In other words, when the robot cleaner collides with an obstacle, the acceleration signal is extracted by changing the amount of charge according to the linear movement of the robot cleaner, and the acceleration signal is converted into a digital signal and then converted into the digital signal. The linear acceleration signal is compared with the preset collision data, and based on the comparison result, if the linear acceleration signal is larger than the predetermined collision data, the robot cleaner detects that the collision has occurred, and then integrates the linear acceleration signal to obtain a speed. The collision amount is calculated at the speed, and the moving direction of the robot cleaner is determined.

The specific embodiments or examples made in the detailed description of the present invention are intended to clarify the technical contents of the present invention to the extent that they should not be construed as limited to these specific embodiments and should not be construed in consultation. Various changes can be made within the scope of.

As described in detail above, the present invention measures linear acceleration by measuring an acceleration change as a change in charge amount using a MEMS, a piezoelectric or a spring accelerometer, thereby precisely controlling the direction of movement of the robot by detecting mechanical contact with the outside. It works.

Figure 1 is a longitudinal cross-sectional view showing a typical robot cleaner

Figure 2 is an embodiment showing a rectangular area mapping of the robot cleaner using a conventional beacon (Beacon).

Figure 3 is a block diagram showing a schematic configuration of the robot cleaner of the present invention.

Figure 4 is a flow chart for the collision detection method of the present invention robot cleaner.
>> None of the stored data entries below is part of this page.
Lemma ae_residual_sqr_le (yh dyh : R -> 'rV[R]_ny) (uh : R -> 'rV[R]_nu) K :
  0 <= K -> m * K <= eps ->
  (\forall t \ae (@leb R), 0 <= t <= T ->
     vnorminf (row_mx (ys t - yh t) (us t - uh t)) <= K) ->
  \forall s \ae (@leb R), `[0, T]%classic s ->
    vnorm2 (dae_residual f1 f2 yh dyh uh s) ^+ 2
      <= 2 * (Clam * (m * K) `^ lam) ^+ 2 + 2 * vnorm2 (dys s - dyh s) ^+ 2.
Proof.
move=> K0 mK_le sup_le.
apply: (filterS3 _ _ ys_state ys_alg sup_le) => s state alg sup sI.
have sT : 0 <= s <= T by move: sI; rewrite /= in_itv.
rewrite /dae_residual; apply: le_trans (vnorm2_residual_sqr_le _ _ _ (state sT) (alg sT)) _.
rewrite lerD2r ler_pM2l // lerXn2r ?nnegrE ?vnorm2_ge0 ?mulr_ge0 ?powR_ge0 //.
have dist_le : vnorm2 (row_mx (ys s - yh s) (us s - uh s)) <= m * K.
  by apply: le_trans (vnorm2_le_vnorminf _) _; apply: ler_wpM2l (sup sT).
apply: le_trans (f_holder sT (le_trans dist_le mK_le)) _.
by rewrite ler_wpM2l // ge0_ler_powR ?nnegrE ?vnorm2_ge0 ?mulr_ge0 // ltW.
Qed.

Lemma integral_residual_sqr_le (yh dyh : R -> 'rV[R]_ny) (uh : R -> 'rV[R]_nu) X :
  0 < T -> 0 < X -> m * (2 * X) <= eps ->
  (forall j, measurable_fun `[0, T] (fun s => dyh s ord0 j)) ->
  (Xdist T ys dys us yh dyh uh <= X%:E)%E ->
  (\int[@leb R]_(s in `[0%R, T]%classic)
      (vnorm2 (dae_residual f1 f2 yh dyh uh s) ^+ 2)%:E
    <= (2 * (Clam * (m * (2 * X)) `^ lam) ^+ 2 * T + 2 * X ^+ 2)%:E)%E.
Proof.
move=> T0 X0 mX_le mdyh yh_le.
set c := 2 * (Clam * (m * (2 * X)) `^ lam) ^+ 2.
have c0 : 0 <= c by rewrite mulr_ge0 // sqr_ge0.
have mdiff : measurable_fun `[0, T] (fun s => vnorm2 (dys s - dyh s) ^+ 2).
  apply: measurable_vnorm2_sqr => j.
  rewrite (_ : (fun s => _) = (fun s => dys s ord0 j - dyh s ord0 j)).
    exact: measurable_funB.
  by apply/funext => s; rewrite !mxE.
have sup_le : \forall t \ae (@leb R), 0 <= t <= T ->
    vnorminf (row_mx (ys t - yh t) (us t - uh t)) <= 2 * X.
  by apply: (Xdist_le_ae_sup yh_le); lra.
have X20 : 0 <= 2 * X by lra.
have ae_le : \forall s \ae (@leb R), `[0, T]%classic s ->
    ((vnorm2 (dae_residual f1 f2 yh dyh uh s) ^+ 2)%:E
      <= (c + 2 * vnorm2 (dys s - dyh s) ^+ 2)%:E)%E.
  move: (ae_residual_sqr_le dyh X20 mX_le sup_le); apply: filterS => s le_s /le_s.
  by rewrite lee_fin.
apply: le_trans (ae_ge0_le_integral_meas_r _ _ _ _ ae_le) _.
- exact: measurable_itv.
- apply/measurable_EFinP; apply: measurable_funD; first exact: measurable_cst.
  by apply: measurable_funM => //; exact: measurable_cst.
- by move=> s _; rewrite lee_fin sqr_ge0.
- by move=> s _; rewrite lee_fin addr_ge0 // mulr_ge0 // sqr_ge0.
- exact: integral_cstDZ_le T0 c0 (ler0n _ 2) mdiff (fun s => sqr_ge0 _)
    (Xdist_le_L2 yh_le T0).
Qed.

End residual_estimate.

Lemma meshsize_gt0 {R : realType} (T : R) N t : is_mesh T N t -> 0 < meshsize N t.
Proof.
case=> + _ _ t_lt; case: N t_lt => // N t_lt _.
by rewrite /meshsize big_ord_recl lt_max subr_gt0 t_lt.
Qed.

Lemma mul_powR_le_of_le {R : realType} (K eps eta h : R) :
  0 <= K -> 0 < eps -> 0 < eta -> 0 <= h ->
  h <= (eps / (K + 1)) `^ eta^-1 -> K * h `^ eta <= eps.
Proof.
move=> K0 eps0 eta0 h0 h_le.
have A0 : 0 <= eps / (K + 1) by rewrite divr_ge0 ?addr_ge0 // ltW.
have heta_le : h `^ eta <= eps / (K + 1).
  apply: le_trans (ge0_ler_powR (ltW eta0) _ _ h_le) _; rewrite ?nnegrE ?powR_ge0 //.
  by rewrite -powRrM mulVf ?gt_eqF // powRr1.
apply: le_trans (ler_wpM2l K0 heta_le) _.
rewrite mulrC mulrAC ler_pdivrMr ?ltr_wpDl //.
by apply: ler_wpM2l; rewrite ?lerDl ?ltW.
Qed.

Lemma holder_rate_le {R : realType} (Clam Ceta K T h lam eta : R) :
  0 <= K -> 0 <= T -> 0 < h <= 1 -> 0 < lam <= 1 -> 0 <= eta ->
  2 * (Clam * (K * h `^ eta) `^ lam) ^+ 2 * T + 2 * (Ceta * h `^ eta) ^+ 2
    <= (2 * (Clam * K `^ lam) ^+ 2 * T + 2 * Ceta ^+ 2) * h `^ (2 * lam * eta).
Proof.
move=> K0 T0 /andP[h0 h1] /andP[lam0 lam1] eta0.
set q := h `^ (lam * eta).
have -> : (K * h `^ eta) `^ lam = K `^ lam * q by rewrite powRM ?powR_ge0 // -powRrM (mulrC eta).
have -> : h `^ (2 * lam * eta) = q ^+ 2.
  by rewrite -mulrA mulrC powRrM -[2]/(2%:R) powR_mulrn ?powR_ge0.
have heta_le : h `^ eta <= q.
  by apply: ger_powR; rewrite ?h0 ?h1 // ler_piMl.
have heta_sqr : Ceta ^+ 2 * (h `^ eta) ^+ 2 <= Ceta ^+ 2 * q ^+ 2.
  by rewrite ler_wpM2l ?sqr_ge0 // lerXn2r ?nnegrE ?powR_ge0.
rewrite !exprMn.
lra.
Qed.
Lemma mx_norm_congrB {r Z1 Z2} : `|Z1| <= r -> `|Z2| <= r ->
  `|Z1^T *m A *m Z1 - Z2^T *m A *m Z2| <= 2 * k ^+ 2 * a * r * `|Z1 - Z2|.
Proof.
move=> Z1r Z2r; apply: le_trans (mx_norm_mulB _ _ _ _) _.
rewrite -mulmxBl -linearB /=.
have le_Z1A : `|Z1^T *m A| <= k * r * a.
  by apply: le_trans (mx_norm_mul _ _) _; rewrite mx_norm_tr ler_wpM2r ?ler_wpM2l.
have le_DA : `|(Z1 - Z2)^T *m A| <= k * `|Z1 - Z2| * a.
  by apply: le_trans (mx_norm_mul _ _) _; rewrite mx_norm_tr.
have -> : 2 * k ^+ 2 * a * r * `|Z1 - Z2| =
  k * (k * r * a * `|Z1 - Z2| + k * `|Z1 - Z2| * a * r) by ring.
by rewrite ler_wpM2l // lerD ?ler_pM.
Qed.

Lemma mx_norm_defectB {r Z1 Z2} : `|Z1| <= r -> `|Z2| <= r ->
  `|defect Z1 - defect Z2| <= 4 * k ^+ 2 * a * r * `|Z1 - Z2|.
Proof.
move=> Z1r Z2r; set d := `|Z1 - Z2|.
have le_gram := mx_norm_gramB Z1r Z2r.
have le_sym : `|(gram Z1 *m A + A *m gram Z1) - (gram Z2 *m A + A *m gram Z2)| <=
    2 * k * a * (2 * k * r * d).
  rewrite opprD addrACA -mulmxBl -mulmxBr; apply: le_trans (ler_normD _ _) _.
  apply: le_trans (lerD (mx_norm_mul _ _) (mx_norm_mul _ _)) _.
  have -> : k * `|gram Z1 - gram Z2| * a + k * a * `|gram Z1 - gram Z2| =
    2 * k * a * `|gram Z1 - gram Z2| by ring.
  by rewrite ler_wpM2l ?mulr_ge0.
rewrite /defect opprD addrACA opprK -scalerBr [- _ + _]addrC -!raddfB /=.
apply: le_trans (ler_normD _ _) _; rewrite normrZ ger0_norm ?invr_ge0 //.
have := le_trans (mx_norm_compl_proj H _) le_sym.
have := le_trans (mx_norm_compl_proj H _) (mx_norm_congrB Z2r Z1r).
rewrite distrC -/d; nra.
Qed.

Lemma step_lipschitz {r Z1 Z2} : `|Z1| <= r -> `|Z2| <= r ->
  `|step Z1 - step Z2| <= r * (k + 8 * k ^+ 3 * a ^+ 2 * C) * `|Z1 - Z2|.
Proof.
move=> Z1r Z2r; set d := `|Z1 - Z2|.
have gB Y1 Y2 : g (Y1 - Y2) = g Y1 - g Y2.
  by rewrite -{1}(Kg Y1) -{1}(Kg Y2) -linearB /= gK.
rewrite /step opprD addrACA -opprD -scalerBr -!raddfB /= -gB.
rewrite [- (b + _)]opprD addrACA subrr add0r.
apply: le_trans (ler_normD _ _) _; rewrite normrN normrZ ger0_norm ?invr_ge0 //.
have le_g : `|g (defect Z1 - defect Z2)| <= C * (4 * k ^+ 2 * a * r * d).
  by apply: le_trans (gC _) _; rewrite ler_wpM2l // mx_norm_defectB.
have le_br : `|bracket A (compl_proj H (g (defect Z1 - defect Z2)))| <=
    2 * k * a * (C * (4 * k ^+ 2 * a * r * d)).
  apply: le_trans (mx_norm_bracket _ _) _; rewrite ler_wpM2l ?mulr_ge0 //.
  exact: le_trans (mx_norm_compl_proj H _) le_g.
have -> : r * (k + 8 * k ^+ 3 * a ^+ 2 * C) * d =
    2^-1 * (2 * k * r * d) + 2 * k * a * (C * (4 * k ^+ 2 * a * r * d)) by field.
by rewrite lerD // ler_wpM2l ?invr_ge0 // mx_norm_gramB.
Qed.

Lemma step_ball r Z : 0 <= r -> r * (k + 8 * k ^+ 3 * a ^+ 2 * C) <= 2^-1 ->
  2 * k * a * C * `|b| <= r / 2 -> `|Z| <= r -> `|step Z| <= r.
Proof.
move=> r_ge0 rK bK Zr.
have step0 : step 0 = bracket A (compl_proj H (g b)).
  by rewrite /step /defect /gram trmx0 !mul0mx !mulmx0 !add0r !linear0 !addr0 add0r.
have le_step0 : `|step 0| <= r / 2.
  rewrite step0; apply: le_trans (mx_norm_bracket _ _) _; apply: le_trans bK.
  rewrite -!mulrA !ler_wpM2l //.
  exact: le_trans (mx_norm_compl_proj H _) (gC _).
have Z0r : `|0 : 'M[R]_n| <= r by rewrite normr0.
have := step_lipschitz Zr Z0r; rewrite subr0 => le_diff.
rewrite -[step Z](subrK (step 0)); apply: le_trans (ler_normD _ _) _.
have : r * (k + 8 * k ^+ 3 * a ^+ 2 * C) * `|Z| <= r * 2^-1.
  by rewrite mulrC ler_pM // mulr_ge0 // addr_ge0 // !mulr_ge0.
by have := normr_ge0 Z; lra.
Qed.

Lemma step_fixed_tr {Z} : Z = step Z ->
  Z^T = - (2^-1 *: gram Z) - bracket A (compl_proj H (g (b + defect Z))).
Proof.
move=> {1}->; rewrite /step linearD linearN linearZ /= {1}/gram trmx_mul trmxK.
by rewrite bracket_tr // compl_proj_tr.
Qed.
** Description of symbols for the main parts of the drawing **

100: acceleration sensor 200: analogue / digital conversion part

300: microcomputer

Claims (4)

An acceleration sensor attached to an arbitrary position in any one of the x, y, and z axes of the robot cleaner main body and measuring the change in acceleration as the change in electric charge amount; An analog / digital converter for converting the acceleration signal into a digital signal; Compare the digital signal with preset collision data, detect a collision based on the comparison result, and process the digital signal to calculate a collision amount to control a moving direction of the robot cleaner according to the result. And a microcomputer for recognizing the direction of the collision in the acceleration direction and controlling the driving to avoid the collision direction when the collision is detected. delete The method of claim 1, wherein the acceleration sensor, And a gyro sensor that measures rotational angular velocity using a change in voltage based on a change in pressure of the piezoelectric element. In the robot cleaner provided with a sensor in one of x, y and z axes on the main body of the robot cleaner, Extracting an acceleration signal due to a change in the charge amount according to the linear movement of the robot cleaner; Converting the acceleration signal into a digital signal; Comparing the linear acceleration signal converted into the digital signal with predetermined collision data; As a result of the comparison, if the linear acceleration signal is greater than the predetermined collision data, the robot cleaner detects that the collision, and then integrates the linear acceleration signal to obtain a speed, and calculates the collision amount at that speed How to detect a collision of a vacuum cleaner.